PROBLEM TO WORK ON » Everything from the line containing "forall x y, f" through the line containing "exists s : seq" should be repeated exactly, and nothing else from the data.

DATA LISTING »
=======

(* Let $G$ be the group given by the presentation $P=\langle x_1,\ldots,x_n\mid r_1^{a_1},\ldots,r_m^{a_m}\rangle$, where each $r_i$ is an element of the free group $F_n$ on $x_1,\ldots,x_n$ that is not a proper power, and let $\varphi:F_n\to G$ be the canonical map. Suppose there exist a residually finite group $N$ and a homomorphism $\psi:G\to N$ such that the order of $\psi(\varphi(r_i))$ in $N$ is $a_i$ for all $1\le i\le m$. Then \[rdef(P)=n-\sum_{i=1}^m\frac1{a_i}.\]
   Context: For the presentation $P$, let $R_G$ be the finite residual of $G$ (intersection of all finite index subgroups) and $k_i$ the order of $\varphi(r_i)R_G$ in $G/R_G$; the residual deficiency of $P$ is $rdef(P)=n-\sum_{i=1}^m 1/k_i$. *)

From HB Require Import structures.
From mathcomp Require Import all_boot all_order all_algebra.
From Stdlib Require Import ClassicalEpsilon.
Set Implicit Arguments. Unset Strict Implicit. Unset Printing Implicit Defensive.
Import GRing.Theory Num.Theory.

(* Abstract (possibly infinite) groups. *)
Record group := Group {
  carrier :> Type;
  gmul : carrier -> carrier -> carrier;
  ginv : carrier -> carrier;
  gone : carrier;
  gmulA : forall x y z, gmul x (gmul y z) = gmul (gmul x y) z;
  gmul1g : forall x, gmul gone x = x;
  gmulg1 : forall x, gmul x gone = x;
  gmulVg : forall x, gmul (ginv x) x = gone;
  gmulgV : forall x, gmul x (ginv x) = gone }.

Arguments gmul {g}. Arguments ginv {g}. Arguments gone {g}.

Fixpoint gpow (G : group) (g : G) (k : nat) : G :=
  match k with O => gone | S k' => gmul g (gpow g k') end.

Definition is_hom (G H : group) (f : G -> H) : Prop :=
  forall x y, f (gmul x y) = gmul (f x) (f y).

Definition subgroup (G : group) (S : G -> Prop) : Prop :=
  S gone /\ (forall x y, S x -> S y -> S (gmul x y)) /\ (forall x, S x -> S (ginv x)).

Definition normal_subgroup (G : group) (S : G -> Prop) : Prop :=
  subgroup S /\ forall g x, S x -> S (gmul (ginv g) (gmul x g)).

Definition finite_index (G : group) (S : G -> Prop) : Prop :=
  exists s : seq G, forall g : G, exists c, List.In c s /\ S (gmul (ginv c) g).

Definition normal_closure (G : group) (A : G -> Prop) : G -> Prop :=
  fun w => forall K : G -> Prop, normal_subgroup K -> (forall u, A u -> K u) -> K w.

Definition finite_residual (G : group) : G -> Prop :=
  fun g => forall H : G -> Prop, subgroup H -> finite_index H -> H g.

Definition residually_finite (G : group) : Prop :=
  forall g : G, g <> gone ->
    exists H : G -> Prop, normal_subgroup H /\ finite_index H /\ ~ H g.

Definition free_on (F : group) (n : nat) (x : 'I_n -> F) : Prop :=
  forall (H : group) (f : 'I_n -> H),
    (exists h : F -> H, is_hom h /\ forall i, h (x i) = f i) /\
    (forall h1 h2 : F -> H, is_hom h1 -> is_hom h2 ->
       (forall i, h1 (x i) = f i) -> (forall i, h2 (x i) = f i) ->
       forall w, h1 w = h2 w).

Definition proper_power (G : group) (r : G) : Prop :=
  exists (s : G) (k : nat), (2 <= k)%N /\ r = gpow s k.

Definition has_order (G : group) (g : G) (k : nat) : Prop :=
  (0 < k)%N /\ gpow g k = gone /\ forall j, (0 < j < k)%N -> gpow g j <> gone.

Definition presents (F G : group) (m : nat) (r : 'I_m -> F) (a : 'I_m -> nat)
    (phi : F -> G) : Prop :=
  is_hom phi /\ (forall g : G, exists w, phi w = g) /\
  (forall w, phi w = gone <->
     normal_closure (fun u => exists i, u = gpow (r i) (a i)) w).

(* order of the coset gR in G/R (R normal): least k>0 with g^k in R *)
Definition coset_order_is (G : group) (R : G -> Prop) (g : G) (k : nat) : Prop :=
  (0 < k)%N /\ R (gpow g k) /\ forall j, (0 < j < k)%N -> ~ R (gpow g j).

(* the order as a nat; 0 encodes infinite order (then 1/0 = 0 in rat) *)
Definition coset_order (G : group) (R : G -> Prop) (g : G) : nat :=
  epsilon (inhabits 0%N) (fun k => coset_order_is R g k).

Local Open Scope ring_scope.

Definition rdef (F G : group) (n m : nat) (r : 'I_m -> F) (phi : F -> G) : rat :=
  n%:R - \sum_(i < m) ((coset_order (@finite_residual G) (phi (r i)))%:R)^-1.

(* The relator r_i^{a_i} dies in G, so the order of phi(r_i) R_G divides a_i.
   Conversely, a homomorphism into a group maps finite-index subgroups back to
   finite-index subgroups, hence maps the finite residual of G into that of N;
   the latter is trivial when N is residually finite.  So phi(r_i)^j lies in R_G
   only if psi(phi(r_i))^j = 1, i.e. only if a_i divides j: the coset order is
   exactly a_i. *)
From mathcomp Require Import all_boot all_order all_algebra.
From Stdlib Require Import ClassicalEpsilon.
Import GRing.Theory Num.Theory.
Local Open Scope ring_scope.

Section GroupLaws.
Variable G : group.

Lemma ginv_uniq (u v : G) : gmul u v = gone -> u = ginv v.
Proof. by move=> uv1; rewrite -(gmulg1 u) -(gmulgV v) gmulA uv1 gmul1g. Qed.

Lemma ginvK (c : G) : ginv (ginv c) = c.
Proof. by symmetry; apply: ginv_uniq; rewrite gmulgV. Qed.

Lemma ginvM (x y : G) : ginv (gmul x y) = gmul (ginv y) (ginv x).
Proof.
symmetry; apply: ginv_uniq.
by rewrite -gmulA (gmulA (ginv x)) gmulVg gmul1g gmulVg.
Qed.

Lemma finite_residual1 : finite_residual (@gone G).
Proof. by move=> H [H1 _] _. Qed.

End GroupLaws.

Section Homomorphisms.
Variables (G H : group) (f : G -> H).
Hypothesis f_hom : is_hom f.

Lemma hom1 : f gone = gone.
Proof.
have ff1 : gmul (f gone) (f gone) = f gone by rewrite -f_hom gmul1g.
by rewrite -[LHS]gmul1g -(gmulVg (f gone)) -gmulA ff1.
Qed.

Lemma homV x : f (ginv x) = ginv (f x).
Proof. by apply: ginv_uniq; rewrite -f_hom gmulVg hom1. Qed.

Lemma homX x k : f (gpow x k) = gpow (f x) k.
Proof. by elim: k => [|k IHk] /=; [exact: hom1 | rewrite f_hom IHk]. Qed.

Lemma subgroup_preim (S : H -> Prop) : subgroup S -> subgroup (fun g => S (f g)).
Proof.
move=> [S1 [SM SV]]; split; first by rewrite hom1.
split; first by move=> u v Su Sv; rewrite f_hom; apply: SM.
by move=> u Su; rewrite homV; apply: SV.
Qed.

(* Each coset c S meeting the image of f gets a preimage representative. *)
Lemma finite_index_preim (S : H -> Prop) :
  subgroup S -> finite_index S -> finite_index (fun g => S (f g)).
Proof.
move=> [_ [SM SV]] [s cover].
pose rep c := epsilon (inhabits gone) (fun g : G => S (gmul (ginv c) (f g))).
exists (map rep s) => g.
have [c [cs Sc]] := cover (f g).
have Srep : S (gmul (ginv c) (f (rep c))) :=
  epsilon_spec (inhabits gone) (fun g0 : G => S (gmul (ginv c) (f g0)))
               (ex_intro _ g Sc).
exists (rep c); split; first exact: List.in_map.
rewrite f_hom homV.
have := SM _ _ (SV _ Srep) Sc.
by rewrite ginvM ginvK -gmulA (gmulA c) gmulgV gmul1g.
Qed.

Lemma hom_finite_residual g : finite_residual g -> finite_residual (f g).
Proof.
move=> Rg S Ssub Sfin.
by apply: (Rg (fun g => S (f g))); [apply: subgroup_preim | apply: finite_index_preim].
Qed.

End Homomorphisms.

Lemma residually_finite_residual1 (N : group) (y : N) :
  residually_finite N -> finite_residual y -> y = gone.
Proof.
move=> Nrf Ry; apply: NNPP => y_ne1.
have [S [[Ssub _] [Sfin notSy]]] := Nrf _ y_ne1.
exact: notSy (Ry _ Ssub Sfin).
Qed.

Lemma presents_relator1 {F G : group} {m} {r : 'I_m -> F} {a} {phi : F -> G} i :
  presents r a phi -> phi (gpow (r i) (a i)) = gone.
Proof. by move=> [_ [_ ker_phi]]; apply/ker_phi => K _ relK; apply: relK; exists i. Qed.

Lemma coset_order_uniq (G : group) (R : G -> Prop) g k1 k2 :
  coset_order_is R g k1 -> coset_order_is R g k2 -> k1 = k2.
Proof.
move=> [k1_gt0 [Rk1 min1]] [k2_gt0 [Rk2 min2]].
case: (ltngtP k1 k2) => // lt_k.
- by case: (min2 k1) => //; rewrite k1_gt0 lt_k.
- by case: (min1 k2) => //; rewrite k2_gt0 lt_k.
Qed.

Lemma coset_orderE (G : group) (R : G -> Prop) g k :
  coset_order_is R g k -> coset_order R g = k.
Proof.
move=> gk.
exact: coset_order_uniq (epsilon_spec (inhabits 0%N) _ (ex_intro _ k gk)) gk.
Qed.

Lemma coset_order_finite_residual (G N : group) (psi : G -> N) g k :
  is_hom psi -> residually_finite N -> has_order (psi g) k ->
  finite_residual (gpow g k) -> coset_order_is (@finite_residual G) g k.
Proof.
move=> psi_hom Nrf [k_gt0 [_ min_k]] Rgk; do 2!split => //.
move=> j j_lt Rgj; apply: (min_k j j_lt).
rewrite -homX //; apply: residually_finite_residual1 Nrf _.
exact: hom_finite_residual.
Qed.

Theorem mainTheorem11 (n m : nat) (F : group) (x : 'I_n -> F)
  (r : 'I_m -> F) (a : 'I_m -> nat) (G : group) (phi : F -> G)
  (N : group) (psi : G -> N) :
  free_on x ->
  (forall i, ~ proper_power (r i)) ->
  presents r a phi ->
  residually_finite N ->
  is_hom psi ->
  (forall i, has_order (psi (phi (r i))) (a i)) ->
  rdef n r phi = n%:R - \sum_(i < m) ((a i)%:R)^-1.
Proof.
move=> _ _ Pphi Nrf psi_hom ord_r.
rewrite /rdef; congr (_ - _); apply: eq_bigr => i _.
rewrite (@coset_orderE _ _ _ (a i)) //.
apply: coset_order_finite_residual psi_hom Nrf (ord_r i) _.
have phi_hom : is_hom phi by case: Pphi.
rewrite -homX // (presents_relator1 i Pphi).
exact: finite_residual1.
Qed.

=======

TASK RESPONSE »
  forall x y, f (gmul x y) = gmul (f x) (f y).

Definition subgroup (G : group) (S : G -> Prop) : Prop :=
  S gone /\ (forall x y, S x -> S y -> S (gmul x y)) /\ (forall x, S x -> S (ginv x)).

Definition normal_subgroup (G : group) (S : G -> Prop) : Prop :=
  subgroup S /\ forall g x, S x -> S (gmul (ginv g) (gmul x g)).

Definition finite_index (G : group) (S : G -> Prop) : Prop :=
  exists s : seq G, forall g : G, exists c, List.In c s /\ S (gmul (ginv c) g).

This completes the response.